In fact, the most conclusive scientific evidence on this matter seems to contradict their claim. First and foremost is the very observation they seek to explain—the functional proteins we see in nature. The mere fact that these proteins are far too long and employ far too many amino acids to meet the DTW restrictions ought to make us assume that they don’t meet those restrictions, absent a convincing case that they do. After all, why would cells go to so much trouble making all twenty amino acids if far fewer would do? And if fewer really would do, why do cells so meticulously avoid mistaking any of the twenty for any other in their manufacture of proteins? [4]
The cellular apparatus for making proteins does incorporate wrong amino acids, but the rarity of these errors makes the process remarkably well tuned for accurate synthesis of long proteins, not mini-proteins. A popular biochemisty textbook puts it this way: “An error frequency of about 0.0001 per amino acid residue was selected in the course of evolution to accurately produce proteins consisting of as many as 1000 amino acids while maintaining a remarkably rapid rate for protein synthesis.” [5] So, while the textbook ignores the problem that the DTW paper addresses—how on earth such things could evolve—the DTW paper ignores the aspects of proteins that plainly defy simplification.
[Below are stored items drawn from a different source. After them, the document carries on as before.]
(* On the absorbing set T, one step of any play stays at t, so Pre1 keeps the value 1. *)
Lemma u0_le_u1 t : u 0 t <= u 1 t.
Proof.
have [t_in|t_notin] := boolP (t \in T); last first.
  by rewrite /= (negbTE t_notin); case/andP: (u_valuation 1 t).
have sel1 := uniform_sel1_selector1.
apply: le_trans (Pre1_sel_le_Pre1 t sel1 (u_valuation 0)); apply: Pre1_sel_ge => xi2 xi2_sel.
suff -> : Pre_sel uniform_sel1 xi2 (u 0) t = Pre_sel uniform_sel1 xi2 (fun _ => 1) t.
  by rewrite (Pre_sel_cst sel1 xi2_sel) /= t_in.
apply: eq_bigr => a _; apply: eq_bigr => b _; apply: eq_bigr => t' _.
have [->|t'_neq] := eqVneq t' t; first by rewrite /= t_in.
have : t' \notin Dest delta t a b by rewrite (Habs (or_introl t_in)) !inE.
by rewrite inE negbK => /eqP ->; rewrite !(mulr0, mul0r).
Qed.

Lemma u_mono i j t : (i <= j)%N -> u i t <= u j t.
Proof.
have u_succ n t' : u n t' <= u n.+1 t'.
  elim: n t' => [|n IH] t'; first exact: u0_le_u1.
  exact: Pre1_mono (u_valuation n) (u_valuation n.+1) IH t'.
elim: j => [|j IH]; first by rewrite leqn0 => /eqP ->.
by rewrite leq_eqVlt => /orP [/eqP -> //| /IH le_ij]; apply: le_trans le_ij (u_succ j t).
Qed.

Definition reply_weight (d : {ffun M -> R}) (s : S) (a2 : M) (p : M * S) : R :=
  d p.1 * delta s p.1 a2 p.2.

Section Reply.
Variables (d : {ffun M -> R}) (s : S) (a2 : M).
Hypothesis d_distr : distr_on (Gam1 s) d.

Lemma reply_weight_ge0 p : 0 <= reply_weight d s a2 p.
Proof. by rewrite mulr_ge0 //; [exact: d_distr.1 | exact: (Hwf.2.2 s p.1 a2).1]. Qed.

Lemma reply_weight_sum1 : \sum_p reply_weight d s a2 p = 1.
Proof.
rewrite -(pair_bigA _ (fun a t => d a * delta s a a2 t)) -d_distr.2.1 /=.
by apply: eq_bigr => a _; rewrite -mulr_sumr (Hwf.2.2 s a a2).2 mulr1.
Qed.

Lemma reply_support_nonempty : exists p, reply_weight d s a2 p != 0.
Proof.
have sum_neq0 : \sum_p reply_weight d s a2 p <> 0.
  by rewrite reply_weight_sum1; apply/eqP/oner_neq0.
have [p /andP [_ w_gt0]] := psumr_neq0P (fun p _ => reply_weight_ge0 p) sum_neq0.
by exists p; rewrite lt0r_neq0.
Qed.

Lemma reply_support_eq (v w : S -> R) (r : R) :
  (forall t, v t <= w t) -> r <= \sum_p reply_weight d s a2 p * v p.2 ->
  (forall p, reply_weight d s a2 p != 0 -> w p.2 <= r) ->
  forall p, reply_weight d s a2 p != 0 -> v p.2 = r /\ w p.2 = r.
Proof.
move=> le_vw r_le w_le p p_supp.
have v_le q : reply_weight d s a2 q != 0 -> v q.2 <= r.
  by move=> q_supp; apply: le_trans (le_vw q.2) (w_le q q_supp).
have v_eq := convex_comb_eq_max reply_weight_ge0 reply_weight_sum1 v_le r_le p_supp.
by split=> //; apply/le_anti; rewrite w_le //= -v_eq.
Qed.

End Reply.

Lemma Pre1_sel_le_reply xi1 v s a2 : selector1 xi1 -> is_valuation v -> a2 \in Gam2 s ->
  Pre1_sel xi1 v s <= \sum_p reply_weight (xi1 s) s a2 p * v p.2.
Proof.
move=> xi1_sel v01 a2_in.
apply: le_trans (Pre1_sel_le s xi1_sel (pure_sel2_selector2 a2_in) v01) _.
rewrite -(pair_bigA _ (fun a t => reply_weight (xi1 s) s a2 (a, t) * v t)).
rewrite le_eqVlt; apply/orP; left; apply/eqP; apply: eq_bigr => a _.
rewrite (bigD1 a2) //= [X in _ + X]big1 ?addr0 => [|b b_neq].
  by apply: eq_bigr => t _; rewrite /pure_sel2 eqxx ffunE eqxx /reply_weight /=; ring.
by apply: big1 => t _; rewrite /pure_sel2 eqxx ffunE (negbTE b_neq) mulr0.
Qed.

Lemma mem_Dest_k zeta k s a2 t :
  reflect (exists a, reply_weight (eta delta Gam1 Gam2 T zeta k s) s a2 (a, t) != 0)
          (t \in Dest_k delta Gam1 Gam2 T zeta k s a2).
Proof.
apply: (iffP bigcupP) => [[a eta_a]|[a]].
  by rewrite inE => delta_t; exists a; rewrite mulf_neq0.
by rewrite mulf_eq0 negb_or => /andP [eta_a delta_t]; exists a; rewrite ?inE.
Qed.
What’s more, the inherent complexity of biological proteins is confirmed by experiments that test it directly. We know that amino acid changes tend to be functionally disruptive even when the replacements are similar to the originals [6], and we know what typically causes this—reduced structural stability of the functional form [7]. So, not only does the DTW claim suffer from a lack of direct supportive evidence—it also suffers from a substantial body of directly contrary evidence.
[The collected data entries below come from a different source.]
Definition geom_irreducible (p : list oedge) : Prop :=
  (~ exists l1 o l2, p = l1 ++ o :: orev o :: l2) /\
  (~ exists o m, p = o :: m ++ [orev o]).

(* elementary free homotopies of closed edge paths in the graph:
   removing a backtrack, or rotating the cycle (moving the base point) *)
Inductive cyc_step : cycle -> cycle -> Prop :=
  | cs_cancel v l1 o l2 :
      is_cycle (v, l1 ++ o :: orev o :: l2) ->
      cyc_step (v, l1 ++ o :: orev o :: l2) (v, l1 ++ l2)
  | cs_rot v o l :
      is_cycle (v, o :: l) ->
      cyc_step (v, o :: l) (otgt o, l ++ [o]).

Definition freely_homotopic : cycle -> cycle -> Prop :=
  clos_refl_sym_trans cycle cyc_step.

Definition path_length (eps : R) (p : list oedge) : R :=
  fold_right (fun o acc => edge_length eps (fst o) + acc) 0 p.

Inductive gen := Ga | Gb | Gc.
Definition letter := (gen * bool)%type.  (* true: g, false: g^-1 *)
Definition word := list letter.
Definition linv (x : letter) : letter := (fst x, negb (snd x)).
Definition winv (w : word) : word := rev (map linv w).

Definition reduced (w : word) : Prop :=
  ~ exists l1 x l2, w = l1 ++ x :: linv x :: l2.
Definition cyclically_reduced (w : word) : Prop :=
  reduced w /\ ~ exists x m, w = x :: m ++ [linv x].

Inductive free_step : word -> word -> Prop :=
  | fs_cancel l1 x l2 : free_step (l1 ++ x :: linv x :: l2) (l1 ++ l2).
Definition free_eq : word -> word -> Prop := clos_refl_sym_trans word free_step.

Definition rel_r : word := [(Ga, true); (Gb, true); (Ga, false); (Gb, false); (Gc, true)].

Definition in_N (w : word) : Prop :=
  exists cs : list (word * bool),
    free_eq w (concat (map (fun us : word * bool => fst us ++ (if snd us then rel_r else winv rel_r)
                                         ++ winv (fst us)) cs)).

Definition lab (w : word) : nat :=
  length (filter (fun x => match fst x with Gc => false | _ => true end) w).

(* P1 translated by z is the vertex (z, DS). *)
Definition gen_path (z : pt) (g : gen) : list oedge :=
  match g with
  | Ga => (* clockwise S -> W -> N, then vertical segment up to (z+(0,1), S) *)
      [(Arc z DW, false); (Arc z DN, false); (VSeg z, true)]
  | Gb => (* ccw S -> E, horizontal segment to (z+(1,0), W), quarter arc W -> S *)
      [(Arc z DS, true); (HSeg z, true); (Arc (zadd z (1%Z, 0%Z)) DW, true)]
  | Gc =>
      [(Arc z DS, true); (Arc z DE, true); (Arc z DN, true); (Arc z DW, true)]
  end.

Definition gen_disp (g : gen) : pt :=
  match g with Ga => (0%Z, 1%Z) | Gb => (1%Z, 0%Z) | Gc => (0%Z, 0%Z) end.

Fixpoint lift (z : pt) (w : word) : list oedge :=
  match w with
  | [] => []
  | (g, true) :: w' => gen_path z g ++ lift (zadd z (gen_disp g)) w'
  | (g, false) :: w' =>
      rev (map orev (gen_path (zsub z (gen_disp g)) g))
        ++ lift (zsub z (gen_disp g)) w'
  end.

Definition gamma' (w : word) : cycle := (((0%Z, 0%Z), DS), lift (0%Z, 0%Z) w).

(* Reading off a letter from each vertical segment (a), horizontal segment (b)
   and E-to-N quarter arc (c) of an edge path sends the lift of w back to w, since
   only the lift of c traverses an E-to-N arc; it sends free homotopies of cycles
   to free cancellations and cyclic rotations of words.  The number of letters
   a^{+-1}, b^{+-1} in the cyclically reduced core of a word is invariant under
   these moves.  For cyclically reduced w it equals l(w), and for the word of
   gamma(w) it is at most the number of segments of gamma(w), each of length
   1 - 2 eps. *)

From Stdlib Require Import Reals List Relations.
From Stdlib Require Import Lia Lra Classical.
Import ListNotations.
Open Scope nat_scope.

Lemma letter_eq_dec (x y : letter) : {x = y} + {x <> y}.
Proof. decide equality; decide equality. Qed.

Lemma linv_involutive x : linv (linv x) = x.
Proof. destruct x as [g b]; unfold linv; simpl; now rewrite Bool.negb_involutive. Qed.

Lemma linv_inj x y : linv x = linv y -> x = y.
Proof. intro E. now rewrite <- (linv_involutive x), E, linv_involutive. Qed.

Lemma winv_app u v : winv (u ++ v) = winv v ++ winv u.
Proof. unfold winv. now rewrite map_app, rev_app_distr. Qed.

Lemma winv_cons x u : winv (x :: u) = winv u ++ [linv x].
Proof. reflexivity. Qed.

Lemma lab_app u v : lab (u ++ v) = lab u + lab v.
Proof. unfold lab. now rewrite filter_app, length_app. Qed.

Lemma lab_cons x u : lab (x :: u) = lab [x] + lab u.
Proof. exact (lab_app [x] u). Qed.

Lemma lab_linv x : lab [linv x] = lab [x].
Proof. now destruct x as [[] []]. Qed.

Lemma reduced_nil : reduced [].
Proof. intros [[|y l1] [x [l2 E]]]; discriminate. Qed.

Lemma reduced_cons x l :
  reduced l -> (forall l', l <> linv x :: l') -> reduced (x :: l).
Proof.
  intros Hl Hhead [[|z l1] [y [l2 E]]]; injection E as -> E.
  - exact (Hhead l2 E).
  - apply Hl. eauto.
Qed.

Lemma reduced_cons_inv x l : reduced (x :: l) -> reduced l.
Proof. intros Hl [l1 [y [l2 E]]]. apply Hl. exists (x :: l1), y, l2. now rewrite E. Qed.

Lemma reduced_app_inv_l u v : reduced (u ++ v) -> reduced u.
Proof.
  intros Huv [l1 [y [l2 E]]]. apply Huv. exists l1, y, (l2 ++ v).
  now rewrite E, <- app_assoc.
Qed.

Lemma reduced_snoc l x :
  reduced l -> (forall l', l <> l' ++ [linv x]) -> reduced (l ++ [x]).
Proof.
  intros Hl Hlast [l1 [y [l2 E]]].
  destruct l2 as [|t l2 _] using rev_ind.
  - assert (E' : l ++ [x] = (l1 ++ [y]) ++ [linv y])
      by (rewrite E, <- app_assoc; reflexivity).
    apply app_inj_tail in E' as [-> ->].
    apply (Hlast l1). now rewrite linv_involutive.
  - assert (E' : l ++ [x] = (l1 ++ y :: linv y :: l2) ++ [t])
      by (rewrite E, <- app_assoc; reflexivity).
    apply app_inj_tail in E' as [-> _].
    apply Hl. eauto.
Qed.

Definition push (x : letter) (s : word) : word :=
  match s with
  | y :: s' => if letter_eq_dec y (linv x) then s' else x :: s
  | [] => [x]
  end.

Definition reduce (l : word) : word := fold_right push [] l.

Lemma reduce_cons x l : reduce (x :: l) = push x (reduce l).
Proof. reflexivity. Qed.

Arguments reduce l : simpl never.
Having said that, we can conceive of the kind of supportive evidence that would contradict all the contrary evidence so plainly as to require some serious re-thinking. Some genuine examples of these simplified mini-proteins doing the work of life-size proteins inside cells would at least be a start—a mini-protein doing the work of an RNA polymerase, perhaps. Even a handful of clear and convincing examples like that would call for a serious rethink.
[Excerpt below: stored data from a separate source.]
(* Let $G$ be a finite abelian group and let $f$ be an automorphism of $\mathcal{P}_{0}(G)$ with pullback $g$. If $H$ is a subgroup of $G$, then $f(H)=g[H]=\{g(h):h\in H\}$.
   Context: For an additively written finite abelian group $G$, $\mathcal{P}_{0}(G)$ is the monoid of all subsets of $G$ containing $0$, with setwise addition and identity $\{0\}$. Every automorphism $f$ of $\mathcal{P}_0(G)$ maps $2$-element sets to $2$-element sets; the pullback of $f$ is the bijection $g:G\to G$ defined by $g(0)=0$ and, for nonzero $a\in G$, by $f(\{0,a\})=\{0,g(a)\}$. *)

(* The finite abelian group G is a finGroupType gT with
   [abelian [set: gT]]; the group law (written multiplicatively in MathComp)
   plays the role of the paper's addition, 1 plays the role of 0, and the
   pointwise set product A * B on {set gT} is the setwise sum A + B. *)
From mathcomp Require Import all_boot all_fingroup.
Set Implicit Arguments.
Unset Strict Implicit.
Unset Printing Implicit Defensive.
Local Open Scope group_scope.

Definition inP0 (gT : finGroupType) (A : {set gT}) : bool := 1 \in A.

(* f, viewed as a function on {set gT}, restricts to a monoid automorphism
   of P_0(G) (values outside P_0(G) are irrelevant). *)
Definition P0_automorphism (gT : finGroupType) (f : {set gT} -> {set gT}) : Prop :=
  [/\ (forall A, inP0 A -> inP0 (f A)),
      (forall A B, inP0 A -> inP0 B -> f A = f B -> A = B),
      (forall B, inP0 B -> exists2 A, inP0 A & f A = B),
      f [1] = [1] &
      (forall A B, inP0 A -> inP0 B -> f (A * B) = f A * f B)].

Definition is_pullback (gT : finGroupType) (f : {set gT} -> {set gT})
    (g : gT -> gT) : Prop :=
  g 1 = 1 /\ (forall a : gT, a != 1 -> f [set 1; a] = [set 1; g a]).

(* For a set K with 1 \in K and K * K = K, an element y lies in K exactly
   when [set 1; y] * K = K.  An automorphism f of P_0(G) maps [set 1; y] to
   [set 1; g y], preserves such idempotent sets and transports the equation,
   so g y \in f H <-> y \in H; as g is injective on a finite type it is onto,
   whence f H = g @: H. *)
From mathcomp Require Import all_boot all_fingroup.
Set Implicit Arguments.
Unset Strict Implicit.
Unset Printing Implicit Defensive.
Local Open Scope group_scope.

Lemma set2_injr (T : finType) (x : T) : injective (fun y => [set x; y]).
Proof.
move=> y z /= eq_xy_xz.
have /set2P[y_x | //] : y \in [set x; z] by rewrite -eq_xy_xz set22.
have /set2P[z_x | z_y] : z \in [set x; y] by rewrite eq_xy_xz set22.
  by rewrite y_x z_x.
by rewrite z_y.
Qed.

Lemma inP0_set21 (gT : finGroupType) (a : gT) : inP0 [set 1; a].
Proof. exact: set21. Qed.

Lemma memE_set21_mul (gT : finGroupType) (K : {set gT}) (y : gT) :
  K * K = K -> 1 \in K -> (y \in K) = ([set 1; y] * K == K).
Proof.
move=> KK K1; apply/idP/eqP => [yK | <-]; last first.
  by apply/mulsgP; exists y 1; rewrite ?set22 ?mulg1.
apply/eqP; rewrite eqEsubset -{2}KK mulSg ?subUset ?sub1set ?K1 ?yK //=.
by apply/subsetP => z zK; rewrite -[z]mul1g mem_mulg ?set21.
Qed.

Section PullbackOfP0Automorphism.

Variables (gT : finGroupType) (f : {set gT} -> {set gT}) (g : gT -> gT).
Hypotheses (f_aut : P0_automorphism f) (g_pullback : is_pullback f g).

Lemma pullback_set21 (a : gT) : f [set 1; a] = [set 1; g a].
Proof.
case: f_aut g_pullback => _ _ _ f1 _ [g1 gE].
have [-> | a_ne1] := eqVneq a 1; last exact: gE.
by rewrite g1 setUid -set1gE f1.
Qed.

Lemma pullback_inj : injective g.
Proof.
case: f_aut => _ f_inj _ _ _ a b gab.
apply: set2_injr (f_inj _ _ (inP0_set21 a) (inP0_set21 b) _).
by rewrite !pullback_set21 gab.
Qed.

Lemma mem_P0aut_pullback (K : {set gT}) (y : gT) :
  inP0 K -> K * K = K -> (g y \in f K) = (y \in K).
Proof.
case: f_aut => f_P0 f_inj _ _ fM K1 KK.
have fKK : f K * f K = f K by rewrite -fM ?KK.
rewrite (memE_set21_mul y KK K1) (memE_set21_mul _ fKK (f_P0 K K1)).
rewrite -pullback_set21 -fM ?inP0_set21 //.
have P0_yK : inP0 ([set 1; y] * K).
  by apply/mulsgP; exists 1 1; rewrite ?set21 ?mulg1.
by apply/eqP/eqP => [/(f_inj _ _ P0_yK K1) | ->].
Qed.

End PullbackOfP0Automorphism.

Theorem lemma2p4 (gT : finGroupType) (f : {set gT} -> {set gT}) (g : gT -> gT)
  (H : {group gT}) :
  abelian [set: gT] ->
  P0_automorphism f ->
  is_pullback f g ->
  f H = g @: H.
Proof.
move=> _ f_aut g_pullback; have g_inj := pullback_inj f_aut g_pullback.
apply/setP => z; rewrite -(f_finv g_inj z) mem_imset //.
by rewrite (mem_P0aut_pullback f_aut g_pullback) ?mulGid // /inP0 group1.
Qed.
But all the clear and convincing evidence seems to be contrary to the DTW claim. And as aggravating as contrary evidence can be for scientists, it’s the only thing that keeps the whole enterprise honest. Because no matter how well stories are told… no matter how many people are captivated by them, sooner or later the false ones will be spoiled by the facts. The wait may be uncomfortably long, but eventually a simple spin-free description of reality is bound to capture people’s attention in a way that well packaged falsehoods don’t.
That’s the real strength of science.
[1] http://pr.caltech.edu/periodicals/EandS/articles/LXXI3/Krulwich.pdf
[2] http://journals.royalsociety.org/content/vx617715116m973h/fulltext.pdf
[3] http://www.pubmedcentral.nih.gov/articlerender.fcgi?artid=1150220
[4] http://www.sciencedirect.com/science
[5] Berg JM, Tymoczko JL, Stryer L (2002) Biochemistry (5th edition). Freeman.